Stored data
==*==

(* Let $q$ be a prime power, $\eta\ge0$ an integer, $(\delta_T,\delta_X)\in\mathbb{Z}\times\mathbb{N}$ with $\delta=\delta_T+\eta\delta_X\ge0$. Then: (1) the map $p$ (defined in the context) induces a bijection from the quotient set $\mathcal{P}(\delta_T,\delta_X)/\equiv$ onto $\mathcal{K}(\delta_T,\delta_X)$; (2) $\mathcal{K}(\delta_T,\delta_X)$ is a set of representatives of $\mathcal{P}(\delta_T,\delta_X)$ under $\equiv$; (3) $\Delta(\delta_T,\delta_X)=\{M(\alpha,\beta):(\alpha,\beta)\in\mathcal{K}(\delta_T,\delta_X)\}$ is a set of representatives of the set of monomials of bidegree $(\delta_T,\delta_X)$ under $\equiv$.
   Context: $R=\mathbb{F}_q[T_1,T_2,X_1,X_2]$; the bidegree of $T_1^{c_1}T_2^{c_2}X_1^{d_1}X_2^{d_2}$ is $(c_1+c_2-\eta d_1,d_1+d_2)$. The Hirzebruch surface $\mathcal{H}_\eta$ is the quotient of $(\mathbb{A}^2\setminus\{0\})^2$ by $\mathbb{G}_m^2$ acting by $(\lambda,\mu)\cdot(t_1,t_2,x_1,x_2)=(\lambda t_1,\lambda t_2,\mu\lambda^{-\eta}x_1,\mu x_2)$; each $\mathbb{F}_q$-point has a unique representative of the form $(1,a,1,b)$, $(0,1,1,b)$, $(1,a,0,1)$ or $(0,1,0,1)$ ($a,b\in\mathbb{F}_q$), where polynomials are evaluated. Two monomials of bidegree $(\delta_T,\delta_X)$ are equivalent ($\equiv$) if they take the same value at every $\mathbb{F}_q$-point. $\mathcal{P}(\delta_T,\delta_X)=\{(a,b)\in\mathbb{N}^2: a\le\delta_X,\ \eta a+b\le\delta\}$; for $(d_2,c_2)\in\mathcal{P}(\delta_T,\delta_X)$, $M(d_2,c_2)=T_1^{\delta-\eta d_2-c_2}T_2^{c_2}X_1^{\delta_X-d_2}X_2^{d_2}$ (a bijection onto the monomials of bidegree $(\delta_T,\delta_X)$), and $(d_2,c_2)\equiv(d'_2,c'_2)$ iff $M(d_2,c_2)\equiv M(d'_2,c'_2)$. $A=\delta_X$ if $\delta_T\ge0$, $A=\delta/\eta$ if $\delta_T<0$. $\mathcal{A}_X=\{\alpha\in\mathbb{N}:\alpha\le\min(\lfloor A\rfloor,q-1)\}\cup(\{A\}\cap\mathbb{N})$, $\mathcal{K}(\delta_T,\delta_X)=\{(\alpha,\beta)\in\mathbb{N}^2:\alpha\in\mathcal{A}_X,\ \beta\le\min(\delta-\eta\alpha,q)-1\text{ or }\beta=\delta-\eta\alpha\}$. The map $p:\mathcal{P}(\delta_T,\delta_X)\to\mathcal{P}(\delta_T,\delta_X)$, $(d_2,c_2)\mapsto(d'_2,c'_2)$: $d'_2=d_2$ if $d_2=0$ or $d_2=A$, otherwise $d'_2$ is the element of $\{1,\dots,q-1\}$ congruent to $d_2$ mod $q-1$; $c'_2=0$ if $c_2=0$; $c'_2=\delta-\eta d'_2$ if $c_2=\delta-\eta d_2$; otherwise $c'_2$ is the element of $\{1,\dots,q-1\}$ congruent to $c_2$ mod $q-1$. *)

From HB Require Import structures.
From mathcomp Require Import all_boot all_order all_algebra.
Set Implicit Arguments. Unset Strict Implicit. Unset Printing Implicit Defensive.
Import Order.TTheory GRing.Theory Num.Theory.
Local Open Scope ring_scope.

(* A monomial T1^c1 T2^c2 X1^d1 X2^d2 is represented by its exponent
   tuple (c1, c2, d1, d2). *)
Definition monomial := (nat * nat * nat * nat)%type.

Definition bideg (eta : nat) (m : monomial) : int * nat :=
  let: (c1, c2, d1, d2) := m in
  ((c1 + c2)%:Z - (eta * d1)%:Z, (d1 + d2)%N).

(* evaluation of a monomial at (t1, t2, x1, x2) (with 0^0 = 1) *)
Definition eval_mono (F : fieldType) (m : monomial) (pt : F * F * F * F) : F :=
  let: (c1, c2, d1, d2) := m in
  let: (t1, t2, x1, x2) := pt in
  t1 ^+ c1 * t2 ^+ c2 * x1 ^+ d1 * x2 ^+ d2.

(* The F-points of the Hirzebruch surface, through their unique
   representatives (1,a,1,b), (0,1,1,b), (1,a,0,1), (0,1,0,1). *)
Definition hpoint (F : fieldType) (pt : F * F * F * F) : Prop :=
  exists a b : F,
    pt = (1, a, 1, b) \/ pt = (0, 1, 1, b) \/ pt = (1, a, 0, 1) \/ pt = (0, 1, 0, 1).

Definition mono_equiv (F : fieldType) (m m' : monomial) : Prop :=
  forall pt : F * F * F * F, hpoint pt -> eval_mono m pt = eval_mono m' pt.

Definition hdelta (eta : nat) (dT : int) (dX : nat) : int := dT + (eta * dX)%N%:Z.

Definition Pset (eta : nat) (dT : int) (dX : nat) (x : nat * nat) : Prop :=
  (x.1 <= dX)%N /\ (eta * x.1 + x.2)%N%:Z <= hdelta eta dT dX.

Definition Mmono (eta : nat) (dT : int) (dX : nat) (x : nat * nat) : monomial :=
  let: (d2, c2) := x in
  (absz (hdelta eta dT dX - (eta * d2 + c2)%N%:Z), c2, (dX - d2)%N, d2).

Definition P_equiv (F : fieldType) (eta : nat) (dT : int) (dX : nat)
  (x y : nat * nat) : Prop :=
  mono_equiv F (Mmono eta dT dX x) (Mmono eta dT dX y).

Definition Aval (eta : nat) (dT : int) (dX : nat) : rat :=
  if 0 <= dT then dX%:R else (hdelta eta dT dX)%:~R / eta%:R.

==*==

EXERCISE PROMPT
Quote only the lines from the one containing "let: (t1, t2, x1, x2) := pt in" through the final line of the records, with both ends included.

OUTPUT
  let: (t1, t2, x1, x2) := pt in
  t1 ^+ c1 * t2 ^+ c2 * x1 ^+ d1 * x2 ^+ d2.

(* The F-points of the Hirzebruch surface, through their unique
   representatives (1,a,1,b), (0,1,1,b), (1,a,0,1), (0,1,0,1). *)
Definition hpoint (F : fieldType) (pt : F * F * F * F) : Prop :=
  exists a b : F,
    pt = (1, a, 1, b) \/ pt = (0, 1, 1, b) \/ pt = (1, a, 0, 1) \/ pt = (0, 1, 0, 1).

Definition mono_equiv (F : fieldType) (m m' : monomial) : Prop :=
  forall pt : F * F * F * F, hpoint pt -> eval_mono m pt = eval_mono m' pt.

Definition hdelta (eta : nat) (dT : int) (dX : nat) : int := dT + (eta * dX)%N%:Z.

Definition Pset (eta : nat) (dT : int) (dX : nat) (x : nat * nat) : Prop :=
  (x.1 <= dX)%N /\ (eta * x.1 + x.2)%N%:Z <= hdelta eta dT dX.

Definition Mmono (eta : nat) (dT : int) (dX : nat) (x : nat * nat) : monomial :=
  let: (d2, c2) := x in
  (absz (hdelta eta dT dX - (eta * d2 + c2)%N%:Z), c2, (dX - d2)%N, d2).

Definition P_equiv (F : fieldType) (eta : nat) (dT : int) (dX : nat)
  (x y : nat * nat) : Prop :=
  mono_equiv F (Mmono eta dT dX x) (Mmono eta dT dX y).

Definition Aval (eta : nat) (dT : int) (dX : nat) : rat :=
  if 0 <= dT then dX%:R else (hdelta eta dT dX)%:~R / eta%:R.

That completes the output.